17 de noviembre de 2009

El hombre que odiaba los tatuajes

De Evaristo Luna Montiel se conocen muy pocas cosas. Cuarentón, malhumorado, albañil y en los tiempos libres jardinero ocasional, este tipo fornido, de escasa cultura y pocas palabras vivía en la casa de rejas blancas pasando el kiosco de doña Esther.
Residía en el barrio desde hacía cinco años, pero tan solo tenía trato con los asiduos al bar de García. Recalaba en el antro pasadas las seis de la tarde y era difícil verlo marcharse antes de la medianoche. Botella de tinto en la mesa, sus vasos apuraban la bebida como si de agua se tratase.
Sin embargo dejaba pasar casi dos horas entre botella y botella, contemplando mientras tanto las partidas de truco o ajedrez que se armaban en las mesas vecinas.
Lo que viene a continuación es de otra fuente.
(* A^n for an integer n, B standing for A^-1 (recall that Negz k is -(k+1)). *)
Definition fmx_zpow (A B : fmx) (n : int) : fmx :=
  match n with Posz k => fmx_pow A k | Negz k => fmx_pow B k.+1 end.

Lemma fmx_zpow_pos (A B : fmx) k : fmx_zpow A B (Posz k) = fmx_pow A k.
Proof. by []. Qed.

Lemma fmx_zpow_neg (A B : fmx) k : fmx_zpow A B (Negz k) = fmx_pow B k.+1.
Proof. by []. Qed.

Lemma fmx_zpowN (A B : fmx) n : fmx_zpow B A (- n) = fmx_zpow A B n.
Proof. by case: n => [[|k]|k]; rewrite // NegzE opprK. Qed.

Lemma fmx_pow_mul_inv (A B : fmx) a b : fmx_mul A B = fmx1 ->
  fmx_mul (fmx_pow A a) (fmx_pow B b) = fmx_zpow A B (Posz a - Posz b).
Proof.
move=> AB; rewrite (fmx_pow_cancel _ _ AB); case: leqP => h.
  by have -> : (Posz a - Posz b = Posz (a - b))%R by lia.
have -> : (Posz a - Posz b = Negz (b - a.+1))%R by rewrite NegzE; lia.
by rewrite fmx_zpow_neg subnSK.
Qed.

Lemma fmx_zpowD (A B : fmx) a b : fmx_mul A B = fmx1 -> fmx_mul B A = fmx1 ->
  fmx_mul (fmx_zpow A B a) (fmx_zpow A B b) = fmx_zpow A B (a + b).
Proof.
move=> AB BA; case: a => a; case: b => b; rewrite ?fmx_zpow_pos ?fmx_zpow_neg.
- by rewrite -fmx_powD.
- by rewrite fmx_pow_mul_inv // NegzE.
- by rewrite fmx_pow_mul_inv // -fmx_zpowN NegzE; congr fmx_zpow; lia.
- rewrite -fmx_powD addnS addSn -(fmx_zpow_neg A).
  by congr fmx_zpow; rewrite !NegzE; lia.
Qed.

Lemma fmx_pow_conj (J A : fmx) k : fmx_mul J J = fmx1 ->
  fmx_mul J (fmx_mul (fmx_pow A k) J) = fmx_pow (fmx_mul J (fmx_mul A J)) k.
Proof.
move=> JJ; elim: k => [|k IH] /=; first by rewrite fmx_mul1l.
by rewrite -IH !fmx_mulA -(fmx_mulA J J) JJ fmx_mul1l.
Qed.

End FunMatrix.

Arguments fmx1 {T R}.

Lemma sum_subset_sign (T : finType) (D : {set T}) :
  \sum_(Y : {set T} | Y \subset D) (-1) ^+ #|Y| = (D == set0)%:R :> int.
Proof.
have [->|/set0Pn [x xD]] := eqVneq D set0.
  by rewrite (big_pred1 set0) ?cards0 // => Y; rewrite subset0.
pose flip (Y : {set T}) := if x \in Y then Y :\ x else x |: Y.
have flipK : involutive flip.
  move=> Y; rewrite /flip; case xY: (x \in Y); rewrite !inE eqxx /=.
    by rewrite setD1K.
  by rewrite setU1K ?xY.
set s := \sum_(Y | _) _; suff : s = - s by lia.
rewrite {1}/s (reindex_inj (inv_inj flipK)) -sumrN; apply: eq_big => Y.
  rewrite /flip; case: ifP => xY; last by rewrite subUset sub1set xD.
  apply/idP/idP => [sYD|]; last exact/subset_trans/subD1set.
  by rewrite -(setD1K xY) subUset sub1set xD.
rewrite /flip => _; case: ifP => xY; last by rewrite cardsU1 xY exprS mulN1r.
by rewrite [in RHS](cardsD1 x) xY exprS mulN1r opprK.
Qed.

Lemma sum_andb_eq n (a : 'I_n) (F : 'I_n -> bool) :
  (\sum_(x : 'I_n) (F x && ((a : nat) == x)) : nat)%N = F a.
Proof.
rewrite (bigD1 a) //= eqxx andbT big1 ?addn0 // => x nx.
by rewrite val_eqE eq_sym (negbTE nx) andbF.
Qed.

Lemma prodr_indicator (I : finType) (R : comPzSemiRingType)
    (b : I -> bool) (x : I -> R) :
  \prod_j ((b j)%:R * x j) = [forall j, b j]%:R * \prod_j x j.
Proof.
rewrite big_split /=; congr (_ * _).
have [/forallP bT|/forallPn [j /negbTE bj]] := boolP [forall j, b j].
  by apply: big1 => j _; rewrite bT.
by rewrite (bigD1 j) //= bj mul0r.
Qed.

(** * Column transfer matrices *)

Section ColumnTransfer.

Variable m : nat.

(* In a column, S and T are the rows whose left, resp. right, horizontal edge
   is used, and Y the rows i whose vertical edge (i, i+1) is used; thus
   [from_above Y i] records the vertical edge (i-1, i). *)
Definition from_above (Y : {set 'I_m}) (i : 'I_m) : nat :=
  \sum_(k in Y) (k.+1 == i :> nat).

Definition matched_row (S T Y : {set 'I_m}) (i : 'I_m) : bool :=
  ((i \in Y) ==> (i.+1 < m)%N) &&
  ((i \in S) + (i \in T) + (i \in Y) + from_above Y i == 1)%N.

Definition col_matching (S T Y : {set 'I_m}) : bool :=
  [forall i, matched_row S T Y i].

Definition colmx (w : nat -> int) : fmx {set 'I_m} int :=
  fun S T => \sum_(Y | col_matching S T Y) \prod_(i in Y) w i.

Lemma col_matchingC S T Y : col_matching S T Y = col_matching T S Y.
Proof. by apply: eq_forallb => i; rewrite /matched_row (addnC (_ \in S)). Qed.

Lemma colmxC w S T : colmx w S T = colmx w T S.
Proof. by apply: eq_bigl => Y; rewrite col_matchingC. Qed.

Lemma from_above0 i : from_above set0 i = 0%N.
Proof. by rewrite /from_above big_set0. Qed.

Lemma col_matching0 S T : col_matching S T set0 = (T == ~: S).
Proof.
apply/forallP/eqP => [ok|-> i]; last first.
  by rewrite /matched_row in_set0 from_above0 in_setC; case: (i \in S).
apply/setP => i; move: (ok i); rewrite /matched_row in_set0 from_above0 in_setC.
by case: (i \in S); case: (i \in T).
Qed.

Lemma colmx_constE (c : int) S T :
  colmx (fun _ => c) S T = \sum_Y (col_matching S T Y)%:R * c ^+ #|Y|.
Proof.
rewrite /colmx big_mkcond; apply: eq_bigr => Y _.
by rewrite prodr_const; case: col_matching; rewrite ?mul1r ?mul0r.
Qed.

Lemma colmx0E S T : colmx (fun _ => 0) S T = (T == ~: S)%:R.
Proof.
rewrite colmx_constE (bigD1 set0) //= big1 => [|Y /negbTE nY0].
  by rewrite cards0 expr0 mulr1 addr0 col_matching0.
by rewrite expr0n cards_eq0 nY0 mulr0.
Qed.

Lemma from_above_split (D Y : {set 'I_m}) i : Y \subset D ->
  from_above D i = (from_above (D :\: Y) i + from_above Y i)%N.
Proof.
move=> YD; rewrite /from_above (big_setID Y) /= addnC.
by rewrite (setIidPr YD).
Qed.

Section Inverse.

Variables S R : {set 'I_m}.

(* In [colmx_inv] below, the cut T between the two columns is forced by the
   vertical edges Y of the second one. *)
Definition middle_cut (Y : {set 'I_m}) : {set 'I_m} :=
  [set i | (i \notin R) || (0 < (i \in Y) + from_above Y i)%N].

Lemma middle_cut_uniq (T Y : {set 'I_m}) :
  col_matching (~: T) (~: R) Y -> T = middle_cut Y.
Proof.
move=> /forallP ok; apply/setP => i; move: (ok i) => /andP [_ /eqP].
rewrite !in_setC inE.
by case: (i \in T); case: (i \in R); case: (i \in Y) => /=; lia.
Qed.

Lemma middle_cut_disjoint (Y1 Y : {set 'I_m}) :
  col_matching S (middle_cut Y) Y1 -> [disjoint Y1 & Y].
Proof.
move=> /forallP ok; apply/pred0P => k /=; apply/negP => /andP [kY1 kY].
move: (ok k) => /andP [_ /eqP].
have kT : k \in middle_cut Y by rewrite inE kY add1n orbT.
by rewrite kT kY1; lia.
Qed.

Lemma col_matching_split (D Y : {set 'I_m}) : Y \subset D ->
  col_matching S (middle_cut Y) (D :\: Y) &&
  col_matching (~: middle_cut Y) (~: R) Y = col_matching S (~: R) D.
Proof.
move=> YD.
have rowE i : matched_row S (middle_cut Y) (D :\: Y) i &&
              matched_row (~: middle_cut Y) (~: R) Y i = matched_row S (~: R) D i.
  rewrite /matched_row (from_above_split i YD) !in_setC !inE.
  have := subsetP YD i.
  case: (i \in Y); case: (i \in D); case: (i \in S); case: (i \in R);
    case: (i.+1 < m)%N => //= H; try (by have := H isT).
  all: rewrite ?andbT ?andbF ?andTb ?andFb; repeat case: eqP => //=; try lia.
apply/andP/forallP => [[/forallP ok1 /forallP ok2] i|ok].
  by rewrite -rowE ok1 ok2.
by split; apply/forallP => i; have := ok i; rewrite -rowE => /andP [].
Qed.

Lemma sum_middle_cut (Y1 Y : {set 'I_m}) :
  \sum_T (col_matching S T Y1 && col_matching (~: T) (~: R) Y)%:R =
  (col_matching S (middle_cut Y) Y1 &&
   col_matching (~: middle_cut Y) (~: R) Y)%:R :> int.
Proof.
rewrite (bigD1 (middle_cut Y)) //= big1 ?addr0 // => T /negbTE nT.
case ok: (_ && _) => //; move/andP: ok => [_ /middle_cut_uniq T_cut].
by rewrite T_cut eqxx in nT.
Qed.

Lemma sum_split_matching (Y : {set 'I_m}) :
  \sum_Y1 (col_matching S (middle_cut Y) Y1 &&
           col_matching (~: middle_cut Y) (~: R) Y)%:R =
  \sum_(D : {set 'I_m} | Y \subset D) (col_matching S (~: R) D)%:R :> int.
Proof.
rewrite (bigID (fun Y1 : {set 'I_m} => [disjoint Y1 & Y])) /=.
rewrite [X in _ + X]big1 ?addr0; last first.
  move=> Y1 /negbTE nY1; case ok: (_ && _) => //.
  by move/andP: ok => [/middle_cut_disjoint]; rewrite nY1.
rewrite (reindex_onto (fun D => D :\: Y) (fun Y1 => Y1 :|: Y)) /=; last first.
  by move=> Y1 /setDidPl dY1; rewrite setDUl setDv setU0.
apply: eq_big => D; last first.
  by move=> /andP [_ /eqP <-]; rewrite col_matching_split ?subsetUr.
rewrite disjoints_subset subsetDr /=.
apply/eqP/idP => [<-|YD]; first exact: subsetUr.
by rewrite setUC -{1}(setIidPr YD) setID.
Qed.

Lemma colmx_inv :
  \sum_T colmx (fun _ => 1) S T * colmx (fun _ => -1) (~: T) (~: R) =
  (S == R)%:R.
Proof.
have expand T : colmx (fun _ => 1) S T * colmx (fun _ => -1) (~: T) (~: R) =
    \sum_Y1 \sum_Y (col_matching S T Y1 && col_matching (~: T) (~: R) Y)%:R *
                   (-1) ^+ #|Y|.
  rewrite !colmx_constE big_distrl /=; apply: eq_bigr => Y1 _.
  rewrite expr1n mulr1 big_distrr /=; apply: eq_bigr => Y _.
  by case: (col_matching S T Y1); rewrite /= ?mul1r ?mul0r.
rewrite (eq_bigr _ (fun T _ => expand T)) exchange_big /=.
under eq_bigr do rewrite exchange_big /=.
under eq_bigr do under eq_bigr do rewrite -big_distrl sum_middle_cut /=.
rewrite exchange_big /=.
under eq_bigr do rewrite -big_distrl sum_split_matching /= big_distrl /=.
rewrite (exchange_big_dep predT) //=.
under eq_bigr do rewrite -big_distrr /= sum_subset_sign.
rewrite (bigD1 set0) //= big1 => [|D /negbTE nD0]; last by rewrite nD0 mulr0.
by rewrite eqxx mulr1 addr0 col_matching0 (inj_eq (@setC_inj _)) eq_sym.
Qed.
Observaba, pero no participaba. De vez en cuando cruzaba algún que otro comentario, pero muy a las perdidas. Con los que más dialogaba era con los hermanos Moreira y don Sabino. A veces se lo podía ver hablando con Paco Ruiz. Eran contadas las veces que se lo vio reír. Una de ellas es la que trae a colación este relato.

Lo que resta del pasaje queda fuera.